*Problem statement:*
Count how many lines in the following data hold the word "inordK". Your answer is the number and nothing else.

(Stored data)

==================================================

(* Let $d\ge2$, $\alpha\in(0,\infty)^d$, $N\in\mathbb Z_+$. For every $0\le m\le N$ and all $r,s\in N\Delta_{(d-1)}$, $$\xi^{H,\alpha}_m(r,s)=\sum_{l=0}^{m}b_{ml}\,\chi^{H,\alpha}_l(r,s),\qquad b_{ml}=\sum_{n=l}^{m}\left(\frac{N_{[n]}}{(|\alpha|+N)_{(n)}}\right)^2\frac{m_{[n]}}{(|\alpha|+m)_{(n)}}\,a^{|\alpha|}_{nl}.$$
   Context: $N\Delta_{(d-1)}=\{r\in\mathbb Z_+^d:|r|=N\}$, $|v|=\sum_iv_i$. $(c)_{(k)}=\Gamma(c+k)/\Gamma(c)$, $c_{[k]}=c(c-1)\cdots(c-k+1)$. $DM_\beta(l;M)=\binom{M}{l}\prod_i(\beta_i)_{(l_i)}/(|\beta|)_{(M)}$ for $l\in\mathbb Z_+^d$ with $|l|=M$. $\xi^{H,\alpha}_m(r,s)=\sum_{|l|=m}DM_{\alpha+r}(l;m)DM_{\alpha+s}(l;m)/DM_\alpha(l;m)$. $\chi^{H,\alpha}_m(r,s)=\sum_{|l|=m}\frac{1}{DM_\alpha(l;m)}\frac{\binom{m}{l}p_l(r)}{N_{[m]}}\frac{\binom{m}{l}p_l(s)}{N_{[m]}}$ with $p_l(r)=\prod_i(r_i)_{[l_i]}$. $a^{\theta}_{nm}=(\theta+2n-1)(-1)^{n-m}\frac{(\theta+m)_{(n-1)}}{m!(n-m)!}$ for $0\le m\le n$ (with $a^\theta_{00}=1$). *)

(* Parameters alpha_i live in an arbitrary real field R
   (covers the real numbers; the identity is purely algebraic). *)
From HB Require Import structures.
From mathcomp Require Import all_boot all_order all_algebra.
Set Implicit Arguments. Unset Strict Implicit. Unset Printing Implicit Defensive.
Import Order.TTheory GRing.Theory Num.Theory.
Local Open Scope ring_scope.

Section Defs.
Variable R : realFieldType.
Variable d : nat.

Definition rising (c : R) (k : nat) : R := \prod_(i < k) (c + i%:R).

(* compositions l in Z_+^d with |l| = M, encoded as finite functions into 'I_(M+1) *)
Definition is_comp (M : nat) (l : {ffun 'I_d -> 'I_M.+1}) : bool :=
  (\sum_(i < d) (l i : nat))%N == M.
(** [gk s L] is integrable on (0,+oo) when [s, L > 0]: compare with [g^(s-1)] near 0
    and with [C e^(-L g/2)] near infinity. *)
Lemma gk_int_bounded s L : 0 < s -> 0 < L -> exists J, 0 <= J /\ int_bounded (gk s L) J.
Proof.
  intros Hs HL.
  destruct (Rpower_le_exp (s - 1) (L / 2) ltac:(lra)) as [C [HC HCb]].
  assert (Hs' : 0 < / s) by (apply Rinv_0_lt_compat; lra).
  exists (/ s + C * (2 / L)).
  assert (HL' : 0 < 2 / L) by (apply Rdiv_lt_0_compat; lra).
  split; [nra|]. apply int_bounded_split; [apply gk_pos_integrand| | |lra|nra].
  - intros a Ha Ha1.
    assert (H : RInt (gk s L) a 1 <= RInt (fun g => Rpower g (s - 1)) a 1).
    { apply RInt_le; try lra.
      - apply (gk_pos_integrand s L); lra.
      - apply ex_RInt_cont_pos; try lra. intros; apply Rpower_continuous; auto.
      - intros x Hx. apply gk_le_pow; lra. }
    rewrite RInt_Rpower, Rpower_1_base in H by lra.
    assert (0 < Rpower a s) by apply Rpower_pos.
    assert ((1 - Rpower a s) / s <= / s) by (unfold Rdiv; nra).
    lra.
  - intros b Hb.
    assert (H : RInt (gk s L) 1 b <= RInt (fun g => C * exp (- ((L / 2) * g))) 1 b).
    { apply RInt_le; try lra.
      - apply (gk_pos_integrand s L); lra.
      - apply ex_RInt_cont_pos; try lra. intros; apply ex_derive_cont; auto_derive; auto.
      - intros x Hx. unfold gk. specialize (HCb x ltac:(lra)).
        replace (C * exp (- (L / 2 * x))) with (C * exp (L / 2 * x) * exp (- (L * x)))
          by (rewrite Rmult_assoc, <- exp_plus; do 2 f_equal; field).
        apply Rmult_le_compat_r; [left; apply exp_pos|lra]. }
    assert (Ex : ex_RInt (fun g => exp (- ((L / 2) * g))) 1 b)
      by (apply ex_RInt_cont_pos; try lra; intros; apply ex_derive_cont; auto_derive; auto).
    rewrite (RInt_scal _ 1 b C Ex : RInt (fun g => C * _) 1 b = C * _), RInt_exp_neg in H
      by lra.
    assert (0 < exp (- (L / 2 * b))) by apply exp_pos.
    assert (exp (- (L / 2 * 1)) <= 1) by (rewrite Rmult_1_r, <- exp_0; apply exp_le_mono; lra).
    replace ((exp (- (L / 2 * 1)) - exp (- (L / 2 * b))) / (L / 2))
      with ((exp (- (L / 2 * 1)) - exp (- (L / 2 * b))) * (2 / L)) in H by (field; lra).
    assert ((exp (- (L / 2 * 1)) - exp (- (L / 2 * b))) * (2 / L) <= 2 / L) by nra.
    assert (C * ((exp (- (L / 2 * 1)) - exp (- (L / 2 * b))) * (2 / L)) <= C * (2 / L))
      by (apply Rmult_le_compat_l; lra).
    lra.
Qed.

Lemma int_bounded_le (f g : R -> R) k K : pos_integrand f -> pos_integrand g ->
  (forall x, 0 < x -> f x <= k * g x) -> 0 <= k -> int_bounded g K -> int_bounded f (k * K).
Proof.
  intros Gf Gg H Hk B a b Ha Hab.
  apply Rle_trans with (RInt (fun x => k * g x) a b).
  - apply RInt_le; try lra; [apply Gf; auto|apply (ex_RInt_scal g); apply Gg; auto|].
    intros x Hx; apply H; lra.
  - rewrite (RInt_scal g a b k ltac:(apply Gg; auto) : RInt (fun x => k * g x) a b = k * _).
    apply Rmult_le_compat_l; auto.
Qed.

(** On [x/2, x] the power [g^(L-1)] is at least [kk L * x^(L-1)]. *)
Definition kk (L : R) := Rmin 1 (Rpower 2 (1 - L)).

Lemma kk_pos L : 0 < kk L.
Proof. apply Rmin_glb_lt; [lra|apply Rpower_pos]. Qed.
Lemma partial_grundy_extend f :
  partial_grundy f ->
  exists g, [/\ forall x, 0 < g x, partial_grundy g & forall x, 0 < f x -> g x = f x].
Proof.
have [n] := ubnP #|[set x | f x == 0]|; elim: n f => // n IHn f lt_zeros_n pf.
case: (pickP [pred x | f x == 0]) => [u /eqP fu0 | no_zero]; last first.
  exists f; split=> // x; rewrite lt0n; apply/negP => /eqP fx0.
  by move: (no_zero x); rewrite /= fx0.
have [m m_gt0 pf'] := partial_grundy_color_vertex pf fu0.
set f' := fun x => _ in pf'.
have lt_zeros : #|[set x | f' x == 0]| < n.
  rewrite -ltnS (leq_trans _ lt_zeros_n) // ltnS; apply: proper_card; apply/properP; split.
    by apply/subsetP => x; rewrite !inE /f'; case: (eqVneq x u) => [-> | //]; rewrite fu0.
  by exists u; rewrite !inE /f' ?fu0 // eqxx -lt0n.
have [g [g_gt0 pg g_f']] := IHn f' lt_zeros pf'.
exists g; split=> // x fx_gt0; rewrite g_f' /f'; last by case: eqP.
by case: eqP fx_gt0 => [-> | //]; rewrite fu0.
Qed.

Lemma grundy_number_ge_max g x0 :
  (forall x, 0 < g x) -> partial_grundy g -> (forall x, g x <= g x0) ->
  g x0 <= grundy_number r.
Proof.
move=> g_gt0 pg g_max; have [g_proper g_dom] := pg.
have g_small x : g x < #|T|.+1 by rewrite ltnS (partial_grundy_le_card x pg).
pose c := [ffun x => inord (g x) : 'I_#|T|.+1].
have cE x : c x = g x :> nat by rewrite ffunE inordK.
have c_grundy : grundy_coloring r (g x0) c.
  apply/and4P; split.
  - by apply/forallP => x; rewrite cE g_gt0 g_max.
  - apply/forallP => i; apply/implyP => /andP[i_gt0].
    rewrite leq_eqVlt => /orP[/eqP ieq | lt_i].
      by apply/existsP; exists x0; rewrite -(inj_eq val_inj) /= cE ieq.
    have [y _ gy] := g_dom x0 i (introT andP (conj i_gt0 lt_i)).
    by apply/existsP; exists y; rewrite -(inj_eq val_inj) /= cE gy.
  - do 2![apply/forallP => ?]; apply/implyP => rxy.
    by rewrite -(inj_eq val_inj) /= !cE g_proper.
  - apply/forallP => x; apply/forallP => i; apply/implyP; rewrite cE => /g_dom[y rxy gy].
    by apply/existsP; exists y; rewrite rxy -(inj_eq val_inj) /= cE gy.
have := @leq_bigmax_cond _ (fun k : 'I_#|T|.+1 => [exists c, grundy_coloring r k c])
  (fun k => nat_of_ord k) (inord (g x0)).
by rewrite inordK //; apply; apply/existsP; exists c.
Qed.

Lemma partial_grundy_le_grundy_number f x : partial_grundy f -> f x <= grundy_number r.
Proof.
case/partial_grundy_extend=> g [g_gt0 pg g_f].
have [x0 _ g_max] := @arg_maxnP T x xpredT g isT.
case: (posnP (f x)) => [-> // | fx_gt0].
rewrite -g_f // (leq_trans (g_max x isT)) //.
by apply: grundy_number_ge_max => // y; apply: g_max.
Qed.

End PartialGrundy.

Section InducedConnectivity.
Variables (T : finType) (e : rel T).
Hypothesis e_sym : symmetric e.
Implicit Types (S A B : {set T}).

Lemma connect_ind (r : rel T) (P : T -> Prop) x :
  P x -> (forall a b, P a -> r a b -> P b) -> forall y, connect r x y -> P y.
Proof.
move=> Px P_step y /connectP[p].
elim: p x Px => [x Px _ -> // | a p IHp x Px /= /andP[rxa pa]].
exact: IHp (P_step _ _ Px rxa) pa.
Qed.

Lemma connect_induced_sym S : connect_sym (induced e S).
Proof.
apply: sym_connect_sym => x y.
by rewrite /induced /= e_sym; do 2!case: (_ \in S); rewrite ?andbF.
Qed.

Lemma connect_induced_in S a b : connect (induced e S) a b -> a \in S -> b \in S.
Proof.
move=> Cab aS.
by apply: (connect_ind (P := fun t => t \in S)) aS _ b Cab => ? ? _ /and3P[].
Qed.

Lemma sub_connect_induced S1 S2 a b :
  S1 \subset S2 -> connect (induced e S1) a b -> connect (induced e S2) a b.
Proof.
move=> /subsetP sS12; apply: connect_sub => x y /and3P[exy xS yS].
by apply: connect1; rewrite /induced /= exy !sS12.
Qed.

Lemma connect_induced1 S a b : e a b -> a \in S -> b \in S -> connect (induced e S) a b.
Proof. by move=> eab aS bS; apply: connect1; rewrite /induced /= eab aS bS. Qed.

Lemma connect_induced_rcons S a b c :
  connect (induced e S) a b -> e b c -> b \in S -> c \in S -> connect (induced e S) a c.
Proof. by move=> Cab ebc bS cS; apply: connect_trans Cab (connect_induced1 ebc bS cS). Qed.

Lemma connectedb_from S a : (forall b, b \in S -> connect (induced e S) a b) -> connectedb e S.
Proof.
move=> Ca; apply/forall_inP => x xS; apply/forall_inP => y yS.
by apply: connect_trans (Ca y yS); rewrite connect_induced_sym Ca.
Qed.

Lemma connectedbP S a b : connectedb e S -> a \in S -> b \in S -> connect (induced e S) a b.
Proof. by move=> /forall_inP/(_ a) S_conn aS; move/forall_inP: (S_conn aS); apply. Qed.

Lemma connectedbU S1 S2 a b :
  connectedb e S1 -> connectedb e S2 -> a \in S1 -> b \in S2 -> e a b ->
  connectedb e (S1 :|: S2).
Proof.
move=> S1_conn S2_conn aS1 bS2 eab; apply: (connectedb_from (a := a)) => w.
have [sS1 sS2] : S1 \subset S1 :|: S2 /\ S2 \subset S1 :|: S2 by rewrite subsetUl subsetUr.
case/setUP=> [wS1 | wS2]; first by apply: sub_connect_induced sS1 (connectedbP S1_conn aS1 wS1).
apply: connect_trans (sub_connect_induced sS2 (connectedbP S2_conn bS2 wS2)).
by apply: connect_induced1; rewrite // inE ?aS1 ?bS2 ?orbT.
Qed.

Lemma connectedb_component A z : connectedb e [set b | connect (induced e A) z b].
Proof.
set C := [set b | _]; apply: (connectedb_from (a := z)) => w; rewrite inE => Czw.
apply: (connect_ind (P := connect (induced e C) z)) (connect0 _ z) _ w Czw.
move=> a b Cza /and3P[eab aA bA].
have Cza' : connect (induced e A) z a.
  by have := connect_induced_in Cza; rewrite !inE connect0; apply.
have bC : b \in C by rewrite inE (connect_induced_rcons Cza' eab aA bA).
by apply: connect_induced_rcons Cza eab _ bC; rewrite inE.
Qed.

Lemma connect_first_entry S B z t :
  z \notin B -> t \in B -> connect (induced e S) z t ->
  exists k b, [/\ connect (induced e (~: B)) z k, b \in B, b \in S & e k b].
Proof.
move=> zB tB Czt.
pose P s := connect (induced e (~: B)) z s \/
  exists k b, [/\ connect (induced e (~: B)) z k, b \in B, b \in S & e k b].
have : P t.
  apply: (connect_ind (P := P) (or_introl (connect0 _ z)) _ Czt).
  move=> a b [Cza | ?] /and3P[eab aS bS]; last by right.
  case bB: (b \in B); first by right; exists a, b.
  have aB : a \in ~: B by apply: connect_induced_in Cza _; rewrite inE.
  by left; apply: connect_induced_rcons Cza eab aB _; rewrite inE bB.
by case=> // /connect_induced_in; rewrite !inE tB => /(_ zB).
Qed.

Lemma connect_avoid_either v x y :
  x != y -> connect e v x ->
  (y != v /\ connect (induced e (~: [set y])) v x) \/
  (x != v /\ connect (induced e (~: [set x])) v y).
Proof.
move=> xy Cvx; case: (eqVneq v x) xy => [-> xy | vx xy]; first by left; split; rewrite // eq_sym.
case: (eqVneq v y) xy => [-> xy | vy xy]; first by right.
have Cvx' : connect (induced e setT) v x.
  by rewrite (@eq_connect _ _ e) // => a b; rewrite /induced /= !in_setT !andbT.
have vxy : v \in ~: [set x; y] by rewrite !inE negb_or vx vy.
have vxy' : v \notin [set x; y] by rewrite -in_setC.
have [k [b [Cvk bxy _ ekb]]] := connect_first_entry vxy' (set21 x y) Cvx'.
have := connect_induced_in Cvk vxy; rewrite !inE negb_or => /andP[kx ky].
have sub_xy a : a \in [set x; y] -> ~: [set x; y] \subset ~: [set a].
  by move=> axy; rewrite setCS sub1set.
case/set2P: bxy ekb => -> ekb; [left | right]; split=> //.
  have Cvk' := sub_connect_induced (sub_xy _ (set22 x y)) Cvk.
  by apply: connect_induced_rcons Cvk' ekb _ _; rewrite !inE.
have Cvk' := sub_connect_induced (sub_xy _ (set21 x y)) Cvk.
by apply: connect_induced_rcons Cvk' ekb _ _; rewrite !inE // eq_sym.
Qed.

==================================================

*Answer for this exercise:*
2